In der medizinischen und biowissenschaftlichen Forschung haben sowohl Experimente auf Zellebene als auch Experimente mit Tiermodellen große Bedeutung. Jedes Jahr werden mehr Studien zu den Wechselbeziehungen zwischen Lebewesen und ihrer Umgebung unter Einsatz eines Mikroskops durchgeführt. Meistens handelt es sich dabei um intravitale Zeitrafferaufnahmen von lebenden Organismen. Ein großes Problem bei der intravitalen Bildgebung ist die Verschiebung der Mikroskopieebene aufgrund pulsierender Organe und der Bewegung des Tieres selbst.

Wir bieten nicht nur Standard-Mikroskopsysteme, sondern arbeiten auch mit Kunden zusammen, um maßgeschneiderte Lösungen zu entwickeln. Hier ein Beispiel – die von uns entwickelte Maus-Adsorptionsfixiervorrichtung als Lösung für Probleme im Zusammenhang mit der intravitalen Bildgebung von Mäusen.

Maus-Adsorptionsfixiervorrichtung für die intravitale Bildgebung von Mäusen

Beispiel für eine kundenspezifische Maus-Adsorptionsfixiervorrichtung

Herausforderungen bei der Durchführung von intravitalen Langzeit-Zeitrafferaufnahmen

Bei der intravitalen Bildaufnahme werden Zeitrafferexperimente durch die Bewegung des Präparats und der Mikroskopieebene aufgrund pulsierender Organe erschwert. Wir haben Interviews mit Forschenden geführt, die Langzeit-Zeitrafferexperimente an lebenden Mäusen durchführen, um ihre Probleme besser zu verstehen. Dabei haben wir Folgendes erfahren:

  • Anders als bei Organen, die aus dem Körper entnommen werden können, z. B. bei der Ohrmuschel und dem Darm, ist es schwierig, Organe wie Milz und Leber zu beobachten.
  • Herznahe Organe im Besonderen unterliegen dem Einfluss von Pulsation.
  • Dabei handelt es sich nicht nur um Bewegungen im Millimeterbereich wie beispielsweise beim Pulsschlag; auch kleinere Bewegungen im Mikrometerbereich erschweren die Betrachtung.

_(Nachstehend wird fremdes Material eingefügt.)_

Lemma extension_onto y : Icc (g b) b y -> exists x, Icc (f a) a x /\ extension x = y.
Proof.
  intros Hy. pose proof (reversing_zero a f Hf). unfold Icc in *.
  destruct (Rlt_or_le y 0) as [Hy0|Hy0].
  - destruct (reversing_onto_neg b g Hg y ltac:(lra)) as [w [Hw <-]].
    destruct (conjugacy_onto _ _ _ _ _ HH w Hw) as [z [Hz <-]].
    exists (f z). rewrite extension_f by exact Hz.
    pose proof (reversing_neg a f Hf z Hz). split; [lra|reflexivity].
  - destruct (Req_dec y 0) as [->|Hne].
    + exists 0. rewrite extension_nonneg by lra. split; [lra|apply (conjugacy_fix _ _ _ _ _ HH)].
    + destruct (conjugacy_onto _ _ _ _ _ HH y ltac:(lra)) as [x [Hx <-]].
      exists x. rewrite extension_nonneg by lra. split; [lra|reflexivity].
Qed.

Lemma extension_eq x : Icc (f a) a x -> g (extension x) = extension (f x).
Proof.
  intros Hx. unfold Icc in Hx. pose proof (reversing_fix a f Hf) as Hf0.
  destruct (Rtotal_order x 0) as [Hneg|[->|Hpos]].
  - destruct (reversing_onto_neg a f Hf x ltac:(lra)) as [z [Hz <-]].
    pose proof (reversing_pos_of_neg a f Hf (f z) (reversing_neg a f Hf z Hz)).
    rewrite extension_f, extension_nonneg by lra.
    symmetry; apply (conjugacy_eq _ _ _ _ _ HH); unfold Icc; lra.
  - rewrite Hf0, extension_nonneg, (conjugacy_fix _ _ _ _ _ HH) by lra.
    apply (reversing_fix b g Hg).
  - rewrite extension_f, extension_nonneg by lra. reflexivity.
Qed.

End Extension.

Theorem theorem6 (a b : R) (f g : R -> R) :
  0 < a -> 0 < b ->
  (* g : I -> I, I = [g(b), b], decreasing homeomorphism onto g(I) ⊆ I *)
  (forall x, Icc (g b) b x -> Icc (g b) b (g x)) ->
  decreasing_on (Icc (g b) b) g ->
  homeo_onto (Icc (g b) b) (image g (Icc (g b) b)) g ->
  (* f : J -> J, J = [f(a), a], decreasing homeomorphism onto f(J) ⊆ J *)
  (forall x, Icc (f a) a x -> Icc (f a) a (f x)) ->
  decreasing_on (Icc (f a) a) f ->
  homeo_onto (Icc (f a) a) (image f (Icc (f a) a)) f ->
  (* (1) *)
  attracting_fixed_point (Icc (f a) a) f 0 ->
  attracting_fixed_point (Icc (g b) b) g 0 ->
  (* (2), (3) *)
  (forall x, 0 < x <= b -> g (g x) < x) ->
  (forall x, 0 < x <= a -> f (f x) < x) ->
  exists h : R -> R,
    homeo_onto (Icc (f a) a) (Icc (g b) b) h /\
    forall x, Icc (f a) a x -> g (h x) = h (f x).
Proof.
  intros Ha Hb g_maps g_dec [_ [_ [_ [_ [_ [g_cont _]]]]]]
    f_maps f_dec [_ [_ [_ [_ [_ [f_cont _]]]]]] [f_zero [f_fix _]] [g_zero [g_fix _]]
    g_below f_below.
  assert (Hf : reversing_map a f) by (constructor; assumption).
  assert (Hg : reversing_map b g) by (constructor; assumption).
  pose proof (conjugacy_spec a b _ _ (reversing_square_contraction a f Hf f_below)
    (reversing_square_contraction b g Hg g_below)) as HH.
  exists (extension a f g (conjugacy a b (fun x => f (f x)) (fun x => g (g x)))).
  split.
  - apply increasing_onto_homeo.
    + exact (extension_inc a b f g _ Hf Hg HH).
    + exact (extension_maps a b f g _ Hf Hg HH).
    + exact (extension_onto a b f g _ Hf Hg HH).
  - exact (extension_eq a b f g _ Hf Hg HH).
Qed.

Maßgeschneiderte Lösung von EVIDENT für Probleme mit intravitaler Bildverarbeitung

Um pulsierende Bewegungen bei der Maus auf der Mikroskopieebene zu unterdrücken, entwickelten wir eine Methode, bei der die Bewegung des Tieres im Millimeterbereich durch Unterdruck physikalisch unterbunden wird. Unsere Vorrichtung verfügt über ein ringförmiges Metallstück und eine Ansaugpumpe, um die Mikroskopieebene durch Unterdruck anzusaugen und zu fixieren. Indem wir die Bewegungen der Probe auf ein Minimum reduzierten, gelang es uns, den starken Einfluss des Herzschlags zu unterdrücken.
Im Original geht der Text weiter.